Acrylamide is a substance recognized as a carcinogen by the U.S. government agencies. It is created at high temperatures in reaction with starch. So any fried and baked starch-rich food is filled with it like bread, French fries, potato chips, and cookies. What is important is the level of exposure.
When FDA toxicologists say that they believe that the average daily intake of arsenic, poses no hazard to the consumer I say that I do not believe in their honesty. The one thing we can do is to apply logic, not belief.
The study showed that the real level of arsenic exposure was more than 100 times of acceptable daily levels for adults. More than 100 times the value not more than 100% in value. I want to write this again. More than 100 times of acceptable daily levels. For children and preschoolers, it was about 300 times. Let me write this again. 300 times more. “I want to believe” too, and I like the X-Files but not in FDA lying corrupted toxicologists.
The ratios of excess exposure in this study (how many times more above safety level the exposure level is) were as follows: 2–12 for DDE, 116–297 for arsenic, 18–67 for dieldrin, 4–5 for chlordane (among children) and 202–1010 for PCDD/Fs. Yes, it is up to 1010 times the allowed values for Dioxin (PCDDs).

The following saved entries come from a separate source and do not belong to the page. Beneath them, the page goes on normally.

(* Let $x,y,z$ be fixed roots of unity different from $1$, and let $S\subseteq\mathbb{P}_3$ be the surface defined by $\mathcal{E}^*(a,b,c,d)=0$, where $\mathcal{E}^*$ is obtained from \[\mathcal{E}=B_2^2-A_1B_1B_2+(A_1^2-2A_2)B_2+A_2B_1^2-A_1A_2B_1+A_2^2\] by substituting $A_1=\tfrac{y-x}{y-1}a+\tfrac{xy-1}{y-1}b$, $A_2=xab$, $B_1=\tfrac{z-x}{z-1}c+\tfrac{xz-1}{z-1}d$, $B_2=xcd$. Then $S$ is defined over $\mathbb{Q}$ if and only if either $x^4=y^4=z^4=1$ or $x^6=y^6=z^6=1$.
   Context: $a,b,c,d$ are homogeneous coordinates on $\mathbb{P}_3$; $\mathcal{E}^*$ is homogeneous of degree $4$ with coefficients in $\mathbb{Q}(x,y,z)$. $S$ is defined over $\mathbb{Q}$ if $\mathcal{E}^*$ is a nonzero scalar multiple of a polynomial with rational coefficients. *)

From HB Require Import structures.
From mathcomp Require Import all_boot all_order all_algebra all_field.
From mathcomp Require Export mpoly.
Set Implicit Arguments. Unset Strict Implicit. Unset Printing Implicit Defensive.
Import Order.TTheory GRing.Theory Num.Theory.
Local Open Scope ring_scope.

Definition is_root_of_unity (x : algC) : Prop := exists2 n : nat, (0 < n)%N & x ^+ n = 1.

(* Homogeneous coordinates a, b, c, d on P_3 are the variables 'X_0 .. 'X_3. *)
Definition va : {mpoly algC[4]} := 'X_(inord 0).
Definition vb : {mpoly algC[4]} := 'X_(inord 1).
Definition vc : {mpoly algC[4]} := 'X_(inord 2).
Definition vd : {mpoly algC[4]} := 'X_(inord 3).

Definition A1 (x y : algC) : {mpoly algC[4]} :=
  ((y - x) / (y - 1)) *: va + ((x * y - 1) / (y - 1)) *: vb.
Definition A2 (x : algC) : {mpoly algC[4]} := x *: (va * vb).
Definition B1 (x z : algC) : {mpoly algC[4]} :=
  ((z - x) / (z - 1)) *: vc + ((x * z - 1) / (z - 1)) *: vd.
Definition B2 (x : algC) : {mpoly algC[4]} := x *: (vc * vd).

Dieldrin was created as a safer alternative to DDT but was banned two years later in 1972. When we look into what food products are the most contaminated they were similar throughout all age groups.
Meat, dairy, potatoes, and cucumber are most contaminated with POPs (DDE, dieldrin, chlordane, and PCDD/Fs). Until 1988 when chlordane was banned, it was used for home termite control and citrus crops and corn.

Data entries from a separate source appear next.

(* Let $F$ be a field whose characteristic is not $2$, and let $k\geq 2$ be an integer. Then for every $x\in F$ there exist $a_1,\ldots,a_{2k}\in F$ such that $a_1+a_2+\cdots+a_{2k}=x=a_1a_2\cdots a_{2k}$. *)

From mathcomp Require Import all_boot all_order all_algebra.

(* Padding with m copies of each of 1 and -1 leaves the sum unchanged and multiplies the
   product by (-1)^m, so it suffices to find four terms with sum x and product e x, where
   e = (-1)^m.  For any c != 0 the quadruple (x/c, -e/c, c, -c) has product e x and sum
   (x - e)/c, so c = (x - e)/x works unless x is 0 or e.  For x = e one uses
   e (-3/2, 3/2, 4/3, -1/3), or (e, e, e, e) in characteristic 3. *)

From mathcomp Require Import all_boot all_order all_algebra.
From mathcomp Require Import ring.
Import GRing.Theory.

Set Implicit Arguments.
Unset Strict Implicit.
Unset Printing Implicit Defensive.
Local Open Scope ring_scope.

Lemma two_neq0_of_pchar (F : fieldType) : ~~ (2%N \in [pchar F]) -> (2 : F) != 0.
Proof. by move=> hchar; rewrite natf_neq0_pchar pnatE. Qed.

Section SumEqProd.

Variable F : fieldType.
Implicit Types (x e : F) (m : nat).

Definition sign_pad m : seq F := nseq m 1 ++ nseq m (-1).

Lemma size_sign_pad m : size (sign_pad m) = (m + m)%N.
Proof. by rewrite size_cat !size_nseq. Qed.

Lemma sum_sign_pad m : \sum_(y <- sign_pad m) y = 0.
Proof. by rewrite big_cat /= !big_nseq !iter_addr_0 mulNrn addrN. Qed.

Lemma prod_sign_pad m : \prod_(y <- sign_pad m) y = (-1) ^+ m.
Proof. by rewrite big_cat /= !big_nseq !iter_mulr_1 expr1n mul1r. Qed.

Lemma four_terms_generic x e : x != 0 -> x != e ->
  exists b0 b1 b2 b3 : F, b0 + b1 + b2 + b3 = x /\ b0 * b1 * b2 * b3 = e * x.
Proof.
move=> x_neq0 x_neq_e.
have xe_neq0 : x - e != 0 by rewrite subr_eq0.
pose c := (x - e) / x.
have c_neq0 : c != 0 by rewrite mulf_neq0 ?invr_eq0.
exists (x / c), (- e / c), c, (- c); split; last by field.
by rewrite /c; field; rewrite xe_neq0 x_neq0.
Qed.

Hypothesis two_neq0 : (2 : F) != 0.

Lemma four_terms_sign e : e ^+ 2 = 1 ->
  exists b0 b1 b2 b3 : F, b0 + b1 + b2 + b3 = e /\ b0 * b1 * b2 * b3 = e * e.
Proof.
move=> e2; have [three0|three_neq0] := eqVneq (3 : F) 0.
  exists e, e, e, e; split.
    have -> : e + e + e + e = e + 3 * e by ring.
    by rewrite three0 mul0r addr0.
  have -> : e * e * e * e = e ^+ 2 * e ^+ 2 by ring.
  by rewrite e2 mul1r -expr2.
exists (e * (-3 / 2)), (e * (3 / 2)), (e * (4 / 3)), (e * (-1 / 3)); split.
  by field; rewrite two_neq0 three_neq0.
have -> : e * (-3 / 2) * (e * (3 / 2)) * (e * (4 / 3)) * (e * (-1 / 3)) = e ^+ 2 * e ^+ 2.
  by field; rewrite two_neq0 three_neq0.
by rewrite e2 mul1r -expr2.
Qed.

Lemma four_terms x e : e ^+ 2 = 1 ->
  exists b0 b1 b2 b3 : F, b0 + b1 + b2 + b3 = x /\ b0 * b1 * b2 * b3 = e * x.
Proof.
move=> e2; have [->|x_neq0] := eqVneq x 0.
  by exists 0, 0, 0, 0; rewrite !mulr0 !addr0.
have [->|x_neq_e] := eqVneq x e; first exact: four_terms_sign.
exact: four_terms_generic.
Qed.

End SumEqProd.

Theorem theorem1p3 (F : fieldType) (k : nat) (hchar : ~~ (2%N \in [pchar F]))
  (hk : (2 <= k)%N) (x : F) :
  exists a : 'I_(2 * k) -> F,
    \sum_(i < 2 * k) a i = x /\ \prod_(i < 2 * k) a i = x.
Proof.
case: k hk => [|[|m]] // _.
have [b0 [b1 [b2 [b3 [sum_b prod_b]]]]] :=
  four_terms (two_neq0_of_pchar hchar) x (sqrr_sign F m).
pose s := [:: b0, b1, b2, b3 & sign_pad F m].
have size_s : size s = (2 * m.+2)%N by rewrite /= size_sign_pad mul2n -addnn !addnS.
rewrite -size_s; exists (nth 0 s).
rewrite -!(big_mkord xpredT) -!(big_nth 0 xpredT (fun y => y)) !big_cons.
rewrite sum_sign_pad prod_sign_pad addr0 !addrA !mulrA sum_b prod_b.
by rewrite mulrAC -expr2 sqrr_sign mul1r.
Qed.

Also, major POPs contributors were freshwater fish, poultry, mushrooms, cantaloupe, pizza (children only), and spinach (adults only).
When we look at pesticides that are in current use (endosulfan, permethrin, and chlorpyrifos), the main contributors are celery, strawberries, grapes, tomatoes, apples, peaches, pears, peppers, spinach, broccoli, lettuce, and green beans if we don’t count the levels in animal products.
For arsenic exposure, farm-raised salmon, tuna, poultry, and mushrooms were top contributors in all age groups.
For acrylamide exposure chips and all other types of fried potatoes like French fries, crackers, cereal for all age groups.
For mercury exposure, it was fish and especially tuna.
Dairy products are also the main contributor for chlorpyrifos exposure among children and lead exposure among all age groups. One of the top contributors was dairy and in some cases the main contributor of PCDD/Fs exposure, DDE, and chlordane. PCDD/Fs exposure from dairy was more pronounced in children due to lower dairy (and higher meat) consumption in adults.
For ordinary people, it might come as a surprise that milk in addition to meat was found to be a significant source of pesticides. This is a consequence of the use of chlorpyrifos on grazing fields and feeds given to cattle. This practice is forbidden in organic milk production. Milk is one of the leading sources of POPs.
Fish was a significant source of arsenic, dioxin, dieldrin, chlordane, and DDT intake.
The problem with chemicals like POPs is that they have the ability to accumulate in animal fat. So avoiding animal fat by decreasing consumption or choosing the lowest fat option of meat, dairy, and fish is one strategy to lower the exposure.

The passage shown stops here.